**Assignment:** Work out how many lines in the records contain the word "exact", and give that number alone.

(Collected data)
Content starts

Section QuotientMap.
Variables (R : comPzSemiRingType) (M N : lSemiModType R).
Variables (f : {linear M -> N}) (K : submod M).

Local Notation fK := (image_submod f K).

Lemma qproj_image0 k : K k -> (qproj fK \o f) k = 0.
Proof. by move=> Kk; apply: qproj_submod0; exists k. Qed.

Definition qmap : {linear quot K -> quot fK} := qlift qproj_image0.

Lemma qmapE m : qmap (qproj K m) = qproj fK (f m).
Proof. exact: qliftE. Qed.

Lemma qmap_inj : injective f -> injective qmap.
Proof.
move=> f_inj; elim/quot_ind=> x; elim/quot_ind=> y; rewrite !qmapE.
move=> /qproj_eq [_ [_ [[k Kk ->] [k' Kk' ->] e]]]; apply/qproj_eq.
by exists k, k'; split=> //; apply: f_inj; rewrite !linearD.
Qed.

Lemma qmap_pushout : is_pushout f (qproj K) (qproj fK) qmap.
Proof.
split=> [m | D a b ab]; first by rewrite qmapE.
have afK n : fK n -> a n = 0.
  by move=> [k Kk ->]; rewrite ab -(linear0 b); congr (b _); apply: qproj_submod0.
split; first by exists (qlift afK) => n; elim/quot_ind=> m; rewrite qmapE !qliftE.
move=> u v hu hv; apply: eq_on_qproj => n.
by rewrite (proj1 (hu n 0)) (proj1 (hv n 0)).
Qed.

Variables (C : lSemiModType R) (g : {linear N -> C}).
Hypothesis fg : is_equalizer_with_zero f g.

Let f_inj : injective f := equalizer_with_zero_inj fg.
Let gf0 : forall m, g (f m) = 0 := fg.1.

Lemma image_saturated_submodule :
  saturated K -> saturated_submodule (image_set f K).
Proof.
move=> satK; split; [exact: image0 | exact: imageD | exact: imageZ |].
move=> x y [a Ka exy] [b Kb eyb]; subst y.
have [m fm] : exists m, f m = x.
  apply: (equalizer_with_zero_ker fg).
  by move/(congr1 g): exy; rewrite linearD !gf0 addr0.
have fmb : f (m + b) = f a by rewrite linearD fm.
by exists m => //; apply: (satK m b) => //; rewrite (f_inj fmb).
Qed.

Lemma g_image0 n : fK n -> g n = 0.
Proof. by move=> [k _ ->]; apply: gf0. Qed.

Local Notation g' := (qlift g_image0).

Lemma g'_qmap q : g' (qmap q) = 0.
Proof. by elim/quot_ind: q => m; rewrite qmapE qliftE gf0. Qed.

Lemma g'_ker_range n : g' (qproj fK n) = 0 -> exists m, f m = n.
Proof. by rewrite qliftE; apply: equalizer_with_zero_ker. Qed.

Lemma qmap_equalizer_with_zero : is_equalizer_with_zero qmap g'.
Proof.
apply: kernel_equalizer_with_zero; [exact: qmap_inj | exact: g'_qmap |].
elim/quot_ind=> n /g'_ker_range [m <-].
by exists (qproj K m); rewrite qmapE.
Qed.

Lemma qmap_normal_mono : normal_mono qmap.
Proof. by exists C, g'; apply: qmap_equalizer_with_zero. Qed.

Lemma qmap_pullback : is_pullback f (qproj K) (qproj fK) qmap.
Proof.
split=> [m | D a b ab]; first by rewrite qmapE.
split; last first.
  by move=> u v hu hv d; apply: f_inj; rewrite (proj1 (hu d)) (proj1 (hv d)).
have [u fu] : exists u : {linear D -> M}, forall d, f (u d) = a d.
  apply: inj_linear_factor => // d; apply: g'_ker_range.
  by rewrite ab g'_qmap.
exists u => d; split=> //.
by apply: (qmap_inj f_inj); rewrite qmapE fu ab.
Qed.

End QuotientMap.

Theorem mainTheorem12 (R : comPzSemiRingType) (M N : lSemiModType R)
  (i : {linear M -> N}) (L : submod M) :
  normal_mono i -> saturated L ->
  saturated_submodule (image_set i L) /\
  normal_epi (qproj L) /\
  normal_epi (qproj (image_submod i L)) /\
  exists i' : {linear quot L -> quot (image_submod i L)},
    (forall m : M, i' (qproj L m) = qproj (image_submod i L) (i m)) /\
    normal_mono i' /\
    is_pullback i (qproj L) (qproj (image_submod i L)) i' /\
    is_pushout i (qproj L) (qproj (image_submod i L)) i'.
Proof.
move=> [C [g ig]] satL.
split; first exact: image_saturated_submodule ig satL.
split; first exact: qproj_normal_epi.
split; first exact: qproj_normal_epi.
exists (qmap i L); split; first exact: qmapE.
split; first exact: qmap_normal_mono ig.
split; [exact: qmap_pullback ig | exact: qmap_pushout].
Qed.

Content ends

**Response box:** 9